=== Available data ===
Lemma special_free_high_deg_bounded n : exists c1 c2, forall G : sgraph,
  (forall H, special_family n H -> ~ induced_sub H G) ->
  #|[set v : G | c1 <= deg v]| < c2.
Proof.
pose t := 2 ^ (n + n); pose pmax := tower t 1 (n * n.+1).
exists (tower t (pmax.+2 * t) (n * n.+1)), (2 ^ (n + pmax)) => G special_free.
have noK := special_free _ (or_introl erefl).
have noK2 := special_free _ (or_intror (or_introl erefl)).
have noS := special_free _ (or_intror (or_intror erefl)).
have no_biclique := biclique_free_pow noK noK2.
rewrite ltnNge; apply/negP => /(Kn_free_indep noK)[I IS [iI ge_I]].
have [P PI cardP] := exists_subset_card ge_I.
have poolP : pool t pmax (n * n.+1) P (@nbhd G).
  split; rewrite ?cardP //.
  - by move=> x y xP yP; apply: iI; apply: (subsetP PI).
  - by move=> u /(subsetP PI) /(subsetP IS); rewrite inE.
have [F [packF _]] := pool_stars no_biclique poolP.
exact: noS (induced_mK1_of_packing packF).
Qed.

Theorem theorem1p12 (F : gfamily) :
  (exists c1 c2 : nat, forall G : sgraph, H_free F G ->
      #|[set v : vert G | c1 <= deg v]| < c2)
  <->
  (exists n : nat, 0 < n /\ fam_le F (special_family n)).
Proof.
split=> [[c1 [c2 bounded]] | [n [_ le_F]]].
  by exists (c1 + c2).+1; split=> //; apply: fam_le_special_of_bounded.
have [c1 [c2 bounded]] := special_free_high_deg_bounded n.
exists c1, c2 => G freeG; apply: bounded => H specH indH.
have [H1 FH1 indH1] := le_F H specH.
exact: freeG FH1 (induced_sub_trans indH1 indH).
Qed.
(* pullback square in the full subcategory H/W of C/W *)
Definition pullback_in (H W : T -> Prop) (A B Cc D : T)
    (alpha : Mor A B) (beta : Mor A Cc) (gamma : Mor B D) (delta : Mor Cc D) : Prop :=
  [/\ H A, H B, H Cc & H D] /\
  eqW W (compm gamma alpha) (compm delta beta) /\
  (forall (E : T) (b : Mor E B) (c : Mor E Cc), H E ->
        eqW W (compm gamma b) (compm delta c) ->
        (exists e : Mor E A, eqW W (compm alpha e) b /\ eqW W (compm beta e) c) /\
        (forall e e' : Mor E A,
            eqW W (compm alpha e) b -> eqW W (compm beta e) c ->
            eqW W (compm alpha e') b -> eqW W (compm beta e') c -> eqW W e e')).

Definition epi_in (H W : T -> Prop) (A B : T) (alpha : Mor A B) : Prop :=
  forall (E : T) (f g : Mor B E), H E ->
    eqW W (compm f alpha) (compm g alpha) -> eqW W f g.

End Cotorsion.

(** Let f, g : B -> E in H agree on alpha modulo W. Write E as an extension
    W2 -> E -> Y2 with Y2 in V[1]; it suffices that psi = q2 (f - g) : B -> Y2
    vanishes, for then f - g factors through W2. As Hom(U, V[1]) = 0, psi kills
    every morphism factoring through W; in particular psi alpha = 0.
    The object X of C^- has a reflection eta : X -> Z into H: morphisms from X
    to C^+ factor through eta, and eta reflects factorisation through W.
    Writing x_B = b eta and x_C = c eta, condition (i) gives gamma b = delta c
    modulo W, so the pullback yields e with alpha e = b modulo W. Hence
    psi b = 0, so psi x_B = 0, and psi factors through the cone U0 in U of x_B,
    which forces psi = 0. *)
From mathcomp Require Import all_boot all_order all_algebra.
Set Implicit Arguments. Unset Strict Implicit. Unset Printing Implicit Defensive.
Import GRing.Theory.
Local Open Scope ring_scope.

Local Notation "g ∘ f" := (compm g f) (at level 40, left associativity).

(* Declaring the axioms a class lets the preadditive lemmas below find them for
   any triangulated category by instance resolution. *)
Existing Class cat_axioms.

Section Preadditive.
Context {C : CatData} {hC : cat_axioms C}.

Lemma compmA (X Y Z W : C) (h : Mor Z W) (g : Mor Y Z) (f : Mor X Y) :
  h ∘ (g ∘ f) = (h ∘ g) ∘ f.
Proof. by case: hC => H _; apply: H. Qed.

Lemma comp1m (X Y : C) (f : Mor X Y) : idm Y ∘ f = f.
Proof. by case: hC => _ [H _]; apply: H. Qed.

Lemma compm1 (X Y : C) (f : Mor X Y) : f ∘ idm X = f.
Proof. by case: hC => _ [_ [H _]]; apply: H. Qed.

Lemma compmDl (X Y Z : C) (g1 g2 : Mor Y Z) (f : Mor X Y) :
  (g1 + g2) ∘ f = g1 ∘ f + g2 ∘ f.
Proof. by case: hC => _ [_ [_ [H _]]]; apply: H. Qed.

Lemma compmDr (X Y Z : C) (g : Mor Y Z) (f1 f2 : Mor X Y) :
  g ∘ (f1 + f2) = g ∘ f1 + g ∘ f2.
Proof. by case: hC => _ [_ [_ [_ H]]]; apply: H. Qed.

Lemma comp0m (X Y Z : C) (f : Mor X Y) : (0 : Mor Y Z) ∘ f = 0.
Proof. by apply: (@addrI _ (0 ∘ f)); rewrite -compmDl !addr0. Qed.

Lemma compm0 (X Y Z : C) (g : Mor Y Z) : g ∘ (0 : Mor X Y) = 0.
Proof. by apply: (@addrI _ (g ∘ 0)); rewrite -compmDr !addr0. Qed.

Lemma compmNl (X Y Z : C) (g : Mor Y Z) (f : Mor X Y) : (- g) ∘ f = - (g ∘ f).
Proof. by apply/eqP; rewrite -addr_eq0 -compmDl addNr comp0m. Qed.

Lemma compmNr (X Y Z : C) (g : Mor Y Z) (f : Mor X Y) : g ∘ (- f) = - (g ∘ f).
Proof. by apply/eqP; rewrite -addr_eq0 -compmDr addNr compm0. Qed.

Lemma compmBl (X Y Z : C) (g1 g2 : Mor Y Z) (f : Mor X Y) :
  (g1 - g2) ∘ f = g1 ∘ f - g2 ∘ f.
Proof. by rewrite compmDl compmNl. Qed.

Lemma compmBr (X Y Z : C) (g : Mor Y Z) (f1 f2 : Mor X Y) :
  g ∘ (f1 - f2) = g ∘ f1 - g ∘ f2.
Proof. by rewrite compmDr compmNr. Qed.

Lemma is_iso_id (X : C) : is_iso (idm X).
Proof. by exists (idm X); rewrite comp1m. Qed.

Lemma is_iso_compm_eq0 (X Y Y' : C) (m : Mor X Y) (r : Mor Y Y') :
  is_iso r -> r ∘ m = 0 -> m = 0.
Proof. by move=> [r' [r'r _]] rm0; rewrite -(comp1m m) -r'r -compmA rm0 compm0. Qed.

Definition factors_through (W : C -> Prop) (X Y : C) (t : Mor X Y) : Prop :=
  exists (W0 : C) (u : Mor X W0) (v : Mor W0 Y), W W0 /\ t = v ∘ u.

Lemma factors_throughD (W : C -> Prop) (X Y : C) (t1 t2 : Mor X Y) :
  (forall (W1 W2 Z : C) (i1 : Mor W1 Z) (i2 : Mor W2 Z) (p1 : Mor Z W1) (p2 : Mor Z W2),
     is_biprod i1 i2 p1 p2 -> W W1 -> W W2 -> W Z) ->
  (forall W1 W2 : C, exists (Z : C) (i1 : Mor W1 Z) (i2 : Mor W2 Z)
                            (p1 : Mor Z W1) (p2 : Mor Z W2), is_biprod i1 i2 p1 p2) ->
  factors_through W t1 -> factors_through W t2 -> factors_through W (t1 + t2).
Proof.
move=> Wbiprod biprod [W1 [u1 [v1 [wW1 ->]]]] [W2 [u2 [v2 [wW2 ->]]]].
have [Z [i1 [i2 [p1 [p2 bp]]]]] := biprod W1 W2.
have [e11 e22 e12 e21 _] := bp.
exists Z, (i1 ∘ u1 + i2 ∘ u2), (v1 ∘ p1 + v2 ∘ p2); split; first exact: Wbiprod bp wW1 wW2.
rewrite compmDr !compmDl !compmA -!(compmA v1) -!(compmA v2) e11 e22 e12 e21.
by rewrite !comp0m !compm0 !comp1m addr0 add0r.
Qed.

End Preadditive.

#[local] Instance tricat_axioms (T : TriCat) : cat_axioms T.
Proof. by case: (tri_ax T) => [[]]. Qed.

Section Triangulated.
Variable T : TriCat.

Lemma tricat_additive : additive_cat T.
Proof. by case: (tri_ax T). Qed.

Lemma tricat_shift : shift_autoequiv (@shm T).
Proof. by case: (tri_ax T). Qed.

Lemma tricat_TR1 : TR1 (@shm T) (@dist T). Proof. by case: (tri_ax T). Qed.
Lemma tricat_TR2 : TR2 (@shm T) (@dist T). Proof. by case: (tri_ax T). Qed.
Lemma tricat_TR3 : TR3 (@shm T) (@dist T). Proof. by case: (tri_ax T) => _ _ _ _ []. Qed.
Lemma tricat_TR4 : TR4 (@shm T) (@dist T). Proof. by case: (tri_ax T) => _ _ _ _ []. Qed.

Lemma shm1 (X : T) : shm (idm X) = idm (sh X).
Proof. by case: tricat_shift => H _ _ _ _; apply: H. Qed.

Lemma shmM (X Y Z : T) (g : Mor Y Z) (f : Mor X Y) : shm (g ∘ f) = shm g ∘ shm f.
Proof. by case: tricat_shift => _ H _ _ _; apply: H. Qed.

Lemma shmD (X Y : T) (f g : Mor X Y) : shm (f + g) = shm f + shm g.
Proof. by case: tricat_shift => _ _ H _ _; apply: H. Qed.

Lemma shm_bij (X Y : T) : bijective (@shm T X Y).
Proof. by case: tricat_shift => _ _ _ H _; apply: H. Qed.

Lemma shm0 (X Y : T) : shm (0 : Mor X Y) = 0.
Proof. by apply: (@addrI _ (shm 0)); rewrite -shmD !addr0. Qed.

Lemma shm_inj (X Y : T) : injective (@shm T X Y).
Proof. exact: bij_inj (shm_bij X Y). Qed.

Lemma shm_surj (X Y : T) (c : Mor (sh X) (sh Y)) : exists f, shm f = c.
Proof. by case: (shm_bij X Y) => g _ gK; exists (g c); rewrite gK. Qed.

Lemma sh_essentially_surjective (Y : T) : exists X : T, isomorphic (sh X) Y.
Proof. by case: tricat_shift => _ _ _ _ H; apply: H. Qed.

Lemma zero_obj_exists : exists Z : T, is_zero_obj Z.
Proof. by case: tricat_additive => _ []. Qed.

Lemma is_zero_obj_sh (Z : T) : is_zero_obj Z -> is_zero_obj (sh Z).
Proof.
move=> [Zinit _].
have id0 : idm (sh Z) = 0 by rewrite -shm1 (Zinit Z (idm Z) 0) shm0.
split=> Y f g; first by rewrite -(compm1 f) -(compm1 g) id0 !compm0.
by rewrite -(comp1m f) -(comp1m g) id0 !comp0m.
Qed.

Lemma dist_shift (X Y Z : T) (f : Mor X Y) (g : Mor Y Z) (h : Mor Z (sh X)) :
  dist (- shm f) (- shm g) (- shm h) -> dist f g h.
Proof. by move=> D; apply/tricat_TR2/tricat_TR2/tricat_TR2. Qed.

Lemma dist_weak_cokernel (X Y Z Y' : T) (f : Mor X Y) (g : Mor Y Z) (h : Mor Z (sh X))
    (t : Mor Y Y') :
  dist f g h -> t ∘ f = 0 -> exists k : Mor Z Y', t = k ∘ g.
Proof.
move=> D tf0; have [Z0 Z0zero] := zero_obj_exists.
have D0 : dist (0 : Mor Z0 Y') (idm Y') (0 : Mor Y' (sh Z0)).
  apply/tricat_TR2; rewrite shm0 oppr0.
  by case: tricat_TR1 => _ H _; apply/H/is_zero_obj_sh.
have tf : t ∘ f = 0 ∘ (0 : Mor X Z0) by rewrite tf0 comp0m.
have [k [kg _]] := tricat_TR3 D D0 tf.
by exists k; rewrite kg comp1m.
Qed.

Lemma dist_weak_kernel (X Y Z W : T) (f : Mor X Y) (g : Mor Y Z) (h : Mor Z (sh X))
    (t : Mor W Y) :
  dist f g h -> g ∘ t = 0 -> exists s : Mor W X, t = f ∘ s.
Proof.
move=> D gt0; have [Z0 Z0zero] := zero_obj_exists.
have D0 : dist (0 : Mor W Z0) (0 : Mor Z0 (sh W)) (- shm (idm W)).
  by apply: (tricat_TR2 _ _ _).1; case: tricat_TR1 => _ H _; apply: H.
have t0 : (0 : Mor Z0 Z) ∘ (0 : Mor W Z0) = g ∘ t by rewrite gt0 comp0m.
have [c [_ ch]] := tricat_TR3 D0 ((tricat_TR2 _ _ _).1 D) t0.
move: ch; rewrite shm1 compmNr compm1 compmNl => /oppr_inj ch.
have [s sc] := shm_surj c.
by exists s; apply: shm_inj; rewrite shmM sc.
Qed.
(* Let $n,p$ be positive integers and $x_1,\dots,x_n\in\mathbb R^p$. Define $$C_{p,n}(x_1;x_2,\dots,x_n)=\begin{cases}\sup_{a\in(0,\infty)} x_1^T\,(x_1x_1^T+aI_p)^{-2}x_1, & n=1,\\[2pt] \sup_{a\in(0,\infty)^n} x_1^T\Big(x_1x_1^T+\sum_{i=2}^n a_ix_ix_i^T+a_1I_p\Big)^{-2}x_1, & n\ge2.\end{cases}$$ Then $C_{p,n}(x_1;x_2,\dots,x_n)<\infty$.
   Context: $I_p$ is the $p\times p$ identity matrix and $a=(a_1,\dots,a_n)$. *)

From mathcomp Require Import all_boot all_order all_algebra.
Set Implicit Arguments. Unset Strict Implicit. Unset Printing Implicit Defensive.
Import Order.TTheory GRing.Theory Num.Theory.
Local Open Scope ring_scope.

(* The matrix  x_1 x_1^T + sum_{i>=2} a_i x_i x_i^T + a_1 I_p  (indices shifted to 0-based:
   i0 = index of x_1).  For n = 1 the sum is empty, giving x_1 x_1^T + a_1 I_p. *)
Definition Cmat (R : realFieldType) (p n : nat) (i0 : 'I_n)
  (x : 'I_n -> 'cV[R]_p) (a : 'I_n -> R) : 'M[R]_p :=
  x i0 *m (x i0)^T + \sum_(i < n | i != i0) a i *: (x i *m (x i)^T) + a i0 *: 1%:M.

Definition Cobj (R : realFieldType) (p n : nat) (i0 : 'I_n)
  (x : 'I_n -> 'cV[R]_p) (a : 'I_n -> R) : R :=
  ((x i0)^T *m (invmx (Cmat i0 x a) ^+ 2) *m x i0) ord0 ord0.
===
_Problem description_
Could you write out, exactly as they stand, only the lines above that begin at the line with "Lemma shm0 (X Y : T) : shm (0 : Mor X Y) = 0." and stop after the line with "dist (- shm"?

_Result_
Lemma shm0 (X Y : T) : shm (0 : Mor X Y) = 0.
Proof. by apply: (@addrI _ (shm 0)); rewrite -shmD !addr0. Qed.

Lemma shm_inj (X Y : T) : injective (@shm T X Y).
Proof. exact: bij_inj (shm_bij X Y). Qed.

Lemma shm_surj (X Y : T) (c : Mor (sh X) (sh Y)) : exists f, shm f = c.
Proof. by case: (shm_bij X Y) => g _ gK; exists (g c); rewrite gK. Qed.

Lemma sh_essentially_surjective (Y : T) : exists X : T, isomorphic (sh X) Y.
Proof. by case: tricat_shift => _ _ _ _ H; apply: H. Qed.

Lemma zero_obj_exists : exists Z : T, is_zero_obj Z.
Proof. by case: tricat_additive => _ []. Qed.

Lemma is_zero_obj_sh (Z : T) : is_zero_obj Z -> is_zero_obj (sh Z).
Proof.
move=> [Zinit _].
have id0 : idm (sh Z) = 0 by rewrite -shm1 (Zinit Z (idm Z) 0) shm0.
split=> Y f g; first by rewrite -(compm1 f) -(compm1 g) id0 !compm0.
by rewrite -(comp1m f) -(comp1m g) id0 !comp0m.
Qed.

Lemma dist_shift (X Y Z : T) (f : Mor X Y) (g : Mor Y Z) (h : Mor Z (sh X)) :
  dist (- shm f) (- shm g) (- shm h) -> dist f g h.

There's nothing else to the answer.